Scepticism is the sign of sickness. The mood to doubt is called scepticism. To be sceptical means to have the mood to doubt. When mankind is sound in health there is no doubt in the mind. Humanity breathes quite well and breathes with God, Light, Freedom, Immortality. If you leave mankind in its normal condition when it is really breathing quite nicely, the only breath that you have is God, Light, Freedom, Immortality.
If you see human history it is very interesting. The whole human history is like the breathing of humanity. What is mankind doing all the time, what is its breathing? If you took a telescope and put your telescope on humanity's history, thousands of years, the only breath you find is God, Light, Freedom, Immortality. You take your telescope to Ancient Egypt, and you find the Pyramids coming up—it is also a breath, the breathing of Egypt, it is a huge structure reaching out to God, Light, Freedom, Immortality. If you go to the Sumerian Civilization, the Assyrian Civilization it is the same thing. If you go to the early times of Abraham, Moses you find the same things: God's commandments, the Ten Commandments of God. It is also breathing with God, Light, Freedom and Immortality. You go to Greece, the same thing. You hear Socrates, you hear Plato, what are they doing, what are they calling out? Again God, Light, Freedom and Immortality.
In due course we shall study Socrates and Plato particularly, and we shall hear them also on God, Light, Freedom and Immortality. Socrates, when he was taking the poison hemlock which he was given by the Athenians because he was misunderstood and he was told that he was corrupting the youth. Young people are always beloved and all want to protect youth so people said: "You are corrupting the youth therefore you take poison and die." That was the punishment given to him. But even at death, what did he say? "I am immortal." That is his message. "Maybe I am more fortunate than you are!" He said: "I am going to live with immortal people." And if you read Plato what does he say? He says: "We are all bound in a small cave. Suppose that there is a cave in which there are a lot of pillars and each one of us is tied to a pillar. Imagine that mankind is nothing but prisoners tied to small pillars, who can look only in one direction and who cannot look back. And there is sunlight behind, and in between you and the sunlight, a big crowd of people. And what do you see on the wall: only shadows." Plato says: "We are all seeing only shadows here, imprisoned in a cave, not able to turn this way or that way, looking only in one direction." But we are aspiring for what? One of the prisoners gets out of his imprisonment, turns backward and sees "My Lord—the glory of the sun" on the other side. He goes out of the cave and discovers the beautiful origin of all light and he calls out and says to everybody: "Listen, listen, here is the origin of everything. Turn backward and see Light." It is finally the same message God, Light, Freedom and Immortality.

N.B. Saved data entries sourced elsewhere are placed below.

(* Let $d$ be an odd integer, $d\ge 3$, and let $G=\langle\sigma,\tau\rangle$ be the dihedral group with $\tau$ of order $d$, $\sigma$ of order $2$ and $\sigma\tau=\tau^{-1}\sigma$. In $\mathbb{Z}[G]$ put $T_\sigma=1+\sigma$, $T_\tau=\sum_{i=0}^{d-1}\tau^i$, $\mathcal{B}=1-\sigma\tau$, and consider the left ideals (left $\mathbb{Z}[G]$-modules) $M_1=\mathbb{Z}[G]T_\sigma T_\tau$, $M_2=\mathbb{Z}[G]T_\sigma$, $M_3=\mathbb{Z}[G]\mathcal{B}$, $M_4=\mathbb{Z}[G]\mathcal{B}T_\tau$, with maps $d_1:M_1\to M_2$ the inclusion, $d_2:M_2\to M_3$, $x\mapsto x(1-\tau)$, $d_3:M_3\to M_4$, $x\mapsto xT_\tau$, and homotopies $h_1:M_2\to M_1$, $x\mapsto xT_\tau$, $h_2:M_3\to M_2$ given by $h_2(x\mathcal{B})=x\sum_{i=0}^{d-1}\big(\tfrac{d-1}{2}-i\big)\tau^iT_\sigma$ for $x\in\mathbb{Z}[G]$, and $h_3:M_4\to M_3$ the inclusion. Then $0\to M_1\xrightarrow{d_1}M_2\xrightarrow{d_2}M_3\xrightarrow{d_3}M_4\to0$ is exact, all of $d_1,d_2,d_3,h_1,h_2,h_3$ are well-defined $\mathbb{Z}[G]$-module homomorphisms, and the prism conditions hold: $h_1d_1=d\cdot\mathrm{id}_{M_1}$, $d_1h_1+h_2d_2=d\cdot\mathrm{id}_{M_2}$, $d_2h_2+h_3d_3=d\cdot\mathrm{id}_{M_3}$, $d_3h_3=d\cdot\mathrm{id}_{M_4}$. *)

(* Integral group ring Z[G] of a finite group gT, realised as
   integer-valued finite functions on gT with convolution product. *)
From HB Require Import structures.
From mathcomp Require Import all_boot all_order all_algebra all_fingroup.
Set Implicit Arguments. Unset Strict Implicit. Unset Printing Implicit Defensive.
Import GRing.Theory Num.Theory.
Local Open Scope ring_scope.

Notation ZG gT := {ffun gT -> int}.

Definition gelt (gT : finGroupType) (g : gT) : ZG gT :=
  [ffun x => ((x == g) : nat)%:Z].

Definition gmul (gT : finGroupType) (a b : ZG gT) : ZG gT :=
  [ffun g => \sum_(h : gT) a h * b ((h^-1 * g)%g)].

Definition lideal (gT : finGroupType) (b : ZG gT) (x : ZG gT) : Prop :=
  exists y : ZG gT, x = gmul y b.

Definition ZGhom (gT : finGroupType) (A B : ZG gT -> Prop) (f : ZG gT -> ZG gT)
  : Prop :=
  (forall x, A x -> B (f x)) /\
  (forall a x y, A x -> A y -> f (gmul a x + y) = gmul a (f x) + f y).

Section Elements.
Variables (gT : finGroupType) (d : nat) (sigma tau : gT).
Definition Tsig : ZG gT := gelt 1%g + gelt sigma.
Definition Ttau : ZG gT := \sum_(i < d) gelt (tau ^+ i)%g.
Definition Bel : ZG gT := gelt 1%g - gelt (sigma * tau)%g.
Definition Kel : ZG gT :=
  \sum_(i < d) (gmul (gelt (tau ^+ i)%g) Tsig) *~ (((d.-1)./2)%:Z - (i : nat)%:Z).
End Elements.

(* Every map is right multiplication by an element of Z[G] (h2 sends x B to
   x K), so the homomorphism and prism claims are identities in Z[G].  With
   d = 2m+1 and Q = sum_(i<d) (m-i) tau^i, the element K defining h2 is
   Q T_sigma, and Q - tau Q = d - T_tau, sigma Q sigma = - tau Q; hence
   (sigma tau) K = -K, B K = 2 K, T_sigma K = d T_sigma - T_tau T_sigma and
   K (1 - tau) + B T_tau = d B.
   Exactness uses that Z[G] is free over Z[<tau>] (choose representatives of
   the cosets g<tau>): what tau fixes is a multiple of T_tau, and what T_tau
   kills is a multiple of 1 - tau.  For x in a kernel both d x and 2 x then
   lie in the image, hence so does x = d x - m (2 x). *)

From mathcomp Require Import all_boot all_order all_algebra all_fingroup.
From mathcomp Require Import cyclic zify.
Set Implicit Arguments. Unset Strict Implicit. Unset Printing Implicit Defensive.
Import GRing.Theory Num.Theory.
Local Open Scope ring_scope.

Section GroupRing.
Variable gT : finGroupType.
Implicit Types (a b c x y : ZG gT) (g h : gT).

Lemma geltE g h : gelt g h = ((h == g) : nat)%:Z.
Proof. by rewrite ffunE. Qed.

Lemma gmulE a b g : gmul a b g = \sum_h a h * b (h^-1 * g)%g.
Proof. by rewrite ffunE. Qed.

Lemma gmul_gelt_l h b g : gmul (gelt h) b g = b (h^-1 * g)%g.
Proof.
rewrite gmulE (bigD1 h) //= geltE eqxx mul1r big1 ?addr0 // => k /negbTE nkh.
by rewrite geltE nkh mul0r.
Qed.

Lemma gmul_gelt_r a h g : gmul a (gelt h) g = a (g * h^-1)%g.
Proof.
rewrite gmulE (bigD1 (g * h^-1)%g) //= geltE invMg invgK -mulgA mulVg mulg1 eqxx mulr1.
rewrite big1 ?addr0 // => k nk; rewrite geltE.
case: eqP => [kgh|]; rewrite ?mulr0 //.
by rewrite -kgh invMg invgK mulKVg eqxx in nk.
Qed.

Lemma gmul_gelt g h : gmul (gelt g) (gelt h) = gelt (g * h)%g.
Proof. by apply/ffunP => k; rewrite gmul_gelt_l !geltE (canF_eq (mulKVg g)). Qed.

Lemma gmul1l x : gmul (gelt 1%g) x = x.
Proof. by apply/ffunP => g; rewrite gmul_gelt_l invg1 mul1g. Qed.

Lemma gmul1r x : gmul x (gelt 1%g) = x.
Proof. by apply/ffunP => g; rewrite gmul_gelt_r invg1 mulg1. Qed.

Lemma gmulA a b c : gmul (gmul a b) c = gmul a (gmul b c).
Proof.
apply/ffunP => g; rewrite !gmulE.
under eq_bigr do rewrite gmulE mulr_suml.
rewrite exchange_big /=; apply: eq_bigr => h _.
rewrite gmulE mulr_sumr (reindex_inj (mulgI h)) /=.
by apply: eq_bigr => k _; rewrite mulKg mulrA invMg mulgA.
Qed.

Lemma gmulDl a b c : gmul (a + b) c = gmul a c + gmul b c.
Proof.
apply/ffunP => g; rewrite !ffunE -big_split.
by apply: eq_bigr => h _; rewrite ffunE mulrDl.
Qed.

Lemma gmulDr a b c : gmul a (b + c) = gmul a b + gmul a c.
Proof.
apply/ffunP => g; rewrite !ffunE -big_split.
by apply: eq_bigr => h _; rewrite ffunE mulrDr.
Qed.

Lemma gmulzl a c (n : int) : gmul (a *~ n) c = gmul a c *~ n.
Proof.
apply/ffunP => g; rewrite ffunMzE !gmulE mulrzz mulr_suml.
by apply: eq_bigr => h _; rewrite ffunMzE mulrzz mulrAC.
Qed.

Lemma gmulzr a c (n : int) : gmul a (c *~ n) = gmul a c *~ n.
Proof.
apply/ffunP => g; rewrite ffunMzE !gmulE mulrzz mulr_suml.
by apply: eq_bigr => h _; rewrite ffunMzE mulrzz mulrA.
Qed.

Lemma gmulNl a c : gmul (- a) c = - gmul a c.
Proof. by rewrite -mulrN1z gmulzl mulrN1z. Qed.

Lemma gmulNr a c : gmul a (- c) = - gmul a c.
Proof. by rewrite -mulrN1z gmulzr mulrN1z. Qed.

Lemma gmulBl a b c : gmul (a - b) c = gmul a c - gmul b c.
Proof. by rewrite gmulDl gmulNl. Qed.

Lemma gmulBr a b c : gmul a (b - c) = gmul a b - gmul a c.
Proof. by rewrite gmulDr gmulNr. Qed.

Lemma gmul0l c : gmul 0 c = 0.
Proof. by rewrite -(mulr0z 0) gmulzl !mulr0z. Qed.

Lemma gmul0r a : gmul a 0 = 0.
Proof. by rewrite -(mulr0z 0) gmulzr !mulr0z. Qed.

Lemma gmulnl a c n : gmul (a *+ n) c = gmul a c *+ n.
Proof. by rewrite !pmulrn gmulzl. Qed.

Lemma gmulnr a c n : gmul a (c *+ n) = gmul a c *+ n.
Proof. by rewrite !pmulrn gmulzr. Qed.

Lemma gmul_suml I (r : seq I) (P : pred I) (F : I -> ZG gT) c :
  gmul (\sum_(i <- r | P i) F i) c = \sum_(i <- r | P i) gmul (F i) c.
Proof. by elim/big_rec2: _ => [|i y1 y2 _ <-]; rewrite ?gmul0l ?gmulDl. Qed.

Lemma gmul_sumr I (r : seq I) (P : pred I) (F : I -> ZG gT) a :
  gmul a (\sum_(i <- r | P i) F i) = \sum_(i <- r | P i) gmul a (F i).
Proof. by elim/big_rec2: _ => [|i y1 y2 _ <-]; rewrite ?gmul0r ?gmulDr. Qed.

Lemma ZGhom_lideal a b c (f : ZG gT -> ZG gT) :
  (forall x, f (gmul x a) = gmul x c) -> lideal b c ->
  ZGhom (lideal a) (lideal b) f.
Proof.
move=> fE [e ce]; split=> [_ [y ->]|a' _ _ [x ->] [y ->]].
  by exists (gmul y e); rewrite fE ce gmulA.
by rewrite -gmulA -gmulDl !fE gmulDl gmulA.
Qed.

Lemma ZGhom_gmulr a b c :
  lideal b (gmul a c) -> ZGhom (lideal a) (lideal b) (fun x => gmul x c).
Proof. by apply: ZGhom_lideal => x; rewrite gmulA. Qed.

Lemma lideal_refl b : lideal b b.
Proof. by exists (gelt 1%g); rewrite gmul1l. Qed.

Lemma ZGhom_id a b : lideal b a -> ZGhom (lideal a) (lideal b) id.
Proof. exact: ZGhom_lideal. Qed.

(* If b c = 2 c, then for z = x b the coefficients of z c = 2 (x c) are even,
   so x c is recovered from z without choosing a preimage x. *)
Definition half_gmul c z : ZG gT := [ffun g => (gmul z c g %/ 2)%Z].

Lemma half_gmul_lideal b c :
  gmul b c = c *+ 2 -> forall x, half_gmul c (gmul x b) = gmul x c.
Proof.
move=> bc x; apply/ffunP => g.
by rewrite ffunE gmulA bc gmulnr ffunMnE -[_ *+ 2]mulr_natr mulzK.
Qed.

End GroupRing.

Section CosetsOfCycle.
Variables (gT : finGroupType) (s : gT).
Local Open Scope group_scope.

Lemma lcoset_cycle_exp g h :
  h \in g *: <[s]> -> exists2 i, (i < #[s])%N & h = g * s ^+ i.
Proof. by rewrite mem_lcoset => /cyclePmin[i lt_i_s /(canRL (mulKVg g))]; exists i. Qed.

Lemma eq_mulg_expg g i j : (i < #[s])%N -> (j < #[s])%N ->
  (g * s ^+ i == g * s ^+ j) = (i == j).
Proof. by move=> lt_i lt_j; rewrite (inj_eq (mulgI g)) eq_expg_mod_order !modn_small. Qed.

Definition cycle_repr g : gT := repr (g *: <[s]>).

Lemma cycle_repr_mem g : cycle_repr g \in g *: <[s]>.
Proof. exact: mem_repr (lcoset_refl _ g). Qed.

Lemma cycle_repr_mul g h : h \in <[s]> -> cycle_repr (g * h) = cycle_repr g.
Proof. by move=> hs; rewrite /cycle_repr lcosetM (lcoset_id hs). Qed.

Definition cycle_index g : nat :=
  find (fun i => g == cycle_repr g * s ^+ i) (iota 0 #[s]).

Lemma cycle_indexP g :
  (cycle_index g < #[s])%N /\ g = cycle_repr g * s ^+ cycle_index g.
Proof.
have /lcoset_cycle_exp[i lt_i_s gE] : g \in cycle_repr g *: <[s]>.
  by rewrite (lcoset_eqP (cycle_repr_mem g)) lcoset_refl.
have has_i : has (fun i => g == cycle_repr g * s ^+ i) (iota 0 #[s]).
  by apply/hasP; exists i; rewrite ?mem_iota -?gE.
have lt_idx := has_i; rewrite has_find size_iota in lt_idx.
by split=> //; have /eqP := nth_find 0%N has_i; rewrite nth_iota ?add0n.
Qed.

Lemma cycle_index_uniq g i : (i < #[s])%N ->
  g = cycle_repr g * s ^+ i -> cycle_index g = i.
Proof.
move=> lt_i_s gE; have [lt_idx gE'] := cycle_indexP g.
by apply/eqP; rewrite -(eq_mulg_expg (cycle_repr g)) // -gE -gE'.
Qed.

Lemma cycle_invariant_sum (x : ZG gT) : (forall g, x (g * s) = x g) ->
  exists u : ZG gT, forall g, \sum_(k < #[s]) u (g * s ^+ k)%g = x g.
Proof.
move=> xs; have xsX g k : x (g * s ^+ k) = x g.
  by elim: k => [|k IHk]; rewrite ?expg0 ?mulg1 // expgSr mulgA xs.
exists [ffun h => if cycle_repr h == h then x h else 0%R] => g.
have [j lt_j_s rE] := lcoset_cycle_exp (cycle_repr_mem g).
rewrite (bigD1 (Ordinal lt_j_s)) //= ffunE cycle_repr_mul ?mem_cycle // rE eqxx xsX.
rewrite big1 ?addr0 // => k nkj; rewrite ffunE cycle_repr_mul ?mem_cycle // rE.
by rewrite eq_mulg_expg // eq_sym ifN.
Qed.

Lemma cycle_sum0_coboundary (x : ZG gT) :
  (forall g, \sum_(k < #[s]) x (g * s ^+ k)%g = 0%R) ->
  exists v : ZG gT, forall g, v g - v (g * s) = x g.
Proof.
move=> x0.
exists [ffun g => - \sum_(k < cycle_index g) x (cycle_repr g * s ^+ k)%g]%R => g.
rewrite !ffunE cycle_repr_mul ?cycle_id //.
have [lt_i gE] := cycle_indexP g.
set r := cycle_repr g in gE *; set i := cycle_index g in lt_i gE *.
have gsE : g * s = r * s ^+ i.+1 by rewrite {1}gE expgSr mulgA.
have [lt_i1 | ge_i1] := ltnP i.+1 #[s].
  rewrite (@cycle_index_uniq _ i.+1) ?cycle_repr_mul ?cycle_id //.
  by rewrite big_ord_recr /= -gE opprK addKr.
have iE : i.+1 = #[s] by apply/eqP; rewrite eqn_leq ge_i1 lt_i.
rewrite (@cycle_index_uniq _ 0) ?order_gt0 ?cycle_repr_mul ?cycle_id //; last first.
  by rewrite gsE iE expg_order expg0.
have := x0 r; rewrite -iE big_ord_recr /= -gE => /eqP; rewrite addr_eq0 => /eqP ->.
by rewrite big_ord0 oppr0 subr0 opprK.
Qed.

End CosetsOfCycle.

Lemma gmul_Ttau_ffunE (gT : finGroupType) n (t : gT) (u : ZG gT) g :
  gmul u (Ttau n t) g = \sum_(k < n) u (g * t^-1 ^+ k)%g.
Proof.
by rewrite /Ttau gmul_sumr sum_ffunE; apply: eq_bigr => k _; rewrite gmul_gelt_r expVgn.
Qed.

Lemma lideal_norm_fixed (gT : finGroupType) (t : gT) (x : ZG gT) :
  gmul x (gelt t) = x -> lideal (Ttau #[t]%g t) x.
Proof.
move=> xt; have xs g : x (g * t^-1)%g = x g by rewrite -gmul_gelt_r xt.
have [u uE] := cycle_invariant_sum xs; exists u.
by apply/ffunP => g; rewrite gmul_Ttau_ffunE -uE orderV.
Qed.

Lemma lideal_diff_norm0 (gT : finGroupType) (t : gT) (x : ZG gT) :
  gmul x (Ttau #[t]%g t) = 0 -> lideal (gelt 1%g - gelt t) x.
Proof.
move=> xN; have xs g : \sum_(k < #[t^-1]%g) x (g * t^-1 ^+ k)%g = 0.
  by rewrite orderV -gmul_Ttau_ffunE xN ffunE.
have [v vE] := cycle_sum0_coboundary xs; exists v.
by apply/ffunP => g; rewrite gmulBr gmul1r -vE !ffunE -gmulE gmul_gelt_r.
Qed.

Lemma mulrn_odd_sub (V : zmodType) (x : V) m : x *+ m.*2.+1 - x *+ 2 *+ m = x.
Proof. by rewrite -mulrnA mul2n mulrS addrK. Qed.

Section Dihedral.
Variables (gT : finGroupType) (m : nat) (sigma tau : gT).
Local Notation d := m.*2.+1.
Hypotheses (tau_order : #[tau]%g = d) (sigma_invol : (sigma * sigma = 1)%g)
  (sigma_tau : (sigma * tau = tau^-1 * sigma)%g).

Local Notation Ts := (Tsig sigma).
Local Notation Tt := (Ttau d tau).
Local Notation B := (Bel sigma tau).
Local Notation D := (gelt 1%g - gelt tau).
Local Notation Q := (\sum_(i < d) gelt (tau ^+ i)%g *~ (m%:Z - i%:Z)).
Local Notation K := (Kel d sigma tau).

Lemma tau_exp_d : (tau ^+ d = 1)%g.
Proof. by rewrite -tau_order expg_order. Qed.

Lemma tauX_inv i : (i <= d)%N -> ((tau ^+ i)^-1 = tau ^+ (d - i))%g.
Proof. by move=> le_id; apply/eqP; rewrite eq_invg_mul -expgD subnKC ?tau_exp_d. Qed.

Lemma sigma_tauX_sigma i : (sigma * tau ^+ i * sigma = (tau ^+ i)^-1)%g.
Proof.
have sigmaV : sigma^-1%g = sigma by apply/eqP; rewrite eq_invg_mul sigma_invol.
have tau_sigma : (tau ^ sigma = tau^-1)%g.
  by rewrite conjgE sigmaV mulgA sigma_tau -mulgA sigma_invol mulg1.
by have := conjXg tau sigma i; rewrite tau_sigma expVgn conjgE sigmaV mulgA.
Qed.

You go to Rome you will find the same story again and again. Go to India. My Lord! India is a cathedral, a huge cathedral. And the only thing that counts is: God, Light, Freedom and Immortality. All the time there is one mantra in India.
Sri Aurobindo says, if you look at the breath of mankind with a stethoscope, the only breath you find is God, Light, Freedom, Immortality. But sometimes humanity falls sick. It is overcome by scepticism. I doubt it. Is there really God; is there really Light; is there really Freedom; is there really Immortality? This is doubt. And Sri Aurobindo says that if you examine the longest period of scepticism, the longest period of doubt, at the end, once again the sickness goes away, mankind becomes healthy and again there pulsates God, Light, Freedom, Immortality. This is the constant refrain of human history.
This is the first paragraph of The Life Divine. One summary. Look at the whole history of mankind, summarize the whole history of mankind and these are the only four words that come out: God, Light, Freedom and Immortality. I think this is the new thing that we learnt the summarizing of the whole history of mankind in one paragraph.
Now the second thing we learned was the basis of the illness of mankind: the scepticism. From where does the scepticism come? It comes from contradiction. There is a sense of contradiction in this world. It is this contradiction which comes like a challenge. In the presence of contradiction you cannot rest. As long as a contradiction remains you remain dissatisfied, restless. You want to overcome the contradiction. But you must know what is this contradiction. So Sri Aurobindo defines for us what this contradiction is. The contradiction is the existence of Matter. This existence of Matter which seems to be insensible, unconscious, insentient, which does not feel anything, which has no light in it, no intelligence in it. This is the basic fact of life. Wherever we turn there is insensitivity. And yet we talk of God, Light, Freedom, Immortality. This is the contradiction.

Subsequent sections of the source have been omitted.